Captain Wan Mohd Abdul Amir Wan Yahya, 56, was an experienced pilot with MASwings. He had accumulated 4,740 flight hours in total, including 807 hours on the DHC-6 Twin Otter type.

First Officer Marc Joel Bansh, a 22-year-old Malaysian co-pilot, had logged 651 total flight hours, of which 400 hours were on the Twin Otter. He later died from injuries sustained in the crash.

== Accident ==
Flight 3002 departed from Kota Kinabalu at approximately 14:50 local time for the short flight to Kudat. At 15:30, while on final approach to Kudat Airport, the aircraft descended below the normal glide path and impacted a house in the village of Kampung Sin San, located just short of the runway. The aircraft broke apart and came to rest partially on the house owned by qayyum and surrounding grounds.

Emergency responders arrived shortly after the crash. Most of the 16 occupants survived, though two were fatally injured: the 22-year-old co-pilot and one elderly passenger. Four other passengers were injured, two seriously.

== Investigation ==
The Malaysian Department of Civil Aviation (DCA), along with MASwings and other relevant authorities, launched an investigation into the crash. Initial findings suggested that the aircraft was too low on final approach and struck obstacles short of the runway. Weather conditions at the time were reported to be normal.

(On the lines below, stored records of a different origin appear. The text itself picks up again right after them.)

(* Let $\mathcal V\subseteq B(H)$ be a concrete operator system (a unital self-adjoint subspace) and suppose $p\in\mathcal V$ is a projection in $B(H)$. Then the abstract compression $(\mathcal V/J_p,\{\widetilde C(p_n)\}_n,p+J_p)$ is completely order isomorphic to the concrete compression operator system $p\mathcal V p\subseteq B(pH)$ (with unit $p$).
   Context: Here $\mathcal V$ carries the matrix order inherited from $B(H)$ with unit $I$; $p_n=I_n\otimes p$. Define $C(p_n)=\{x\in M_n(\mathcal V): x=x^*,\ \forall\epsilon>0\ \exists t>0 \text{ with } x+\epsilon p_n+t(I_n\otimes I-p_n)\ge 0 \text{ in } B(H^n)\}$, $J_p=\operatorname{span}(C(p)\cap -C(p))$, and $\widetilde C(p_n)=\{(x_{ij}+J_p)\in M_n(\mathcal V/J_p):(x_{ij})\in C(p_n)\}$. *)

From HB Require Import structures.
From mathcomp Require Import all_boot all_order all_algebra.
From mathcomp Require Import complex reals.
Set Implicit Arguments.
Unset Strict Implicit.
Unset Printing Implicit Defensive.
Import Order.TTheory GRing.Theory Num.Theory.
Local Open Scope ring_scope.
Local Open Scope complex_scope.

Section OperatorSystems.
Variable R : realType.
Local Notation C := (R[i]).
Variable H : lmodType C.
(* inner product, linear in the first argument *)
Variable ip : H -> H -> C.

Definition is_inner_product : Prop :=
  [/\ (forall (a : C) (x y z : H), ip (a *: x + y) z = a * ip x z + ip y z),
      (forall x y : H, ip y x = Num.conj (ip x y)),
      (forall x : H, 0 <= ip x x) &
      (forall x : H, ip x x = 0 -> x = 0)].

(* completeness for the norm ||x|| = sqrt (ip x x) *)
Definition ip_complete : Prop :=
  forall u : nat -> H,
    (forall e : R, 0 < e -> exists N : nat, forall m n : nat,
        (N <= m)%N -> (N <= n)%N -> ip (u m - u n) (u m - u n) < e%:C) ->
    exists l : H, forall e : R, 0 < e -> exists N : nat, forall n : nat,
        (N <= n)%N -> ip (u n - l) (u n - l) < e%:C.

Definition is_hilbert : Prop := is_inner_product /\ ip_complete.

According to a preliminary report, pilot error in judgment during the final approach phase was identified as a contributing factor. The final investigation report has not been widely published.

== Aftermath ==

Following the crash, MASwings temporarily grounded its Twin Otter fleet pending safety checks. The accident raised concerns about safety at remote airfields in Malaysia’s rural interior, particularly in Sabah and Sarawak. Condolences were expressed by government officials, including the Minister of Transport.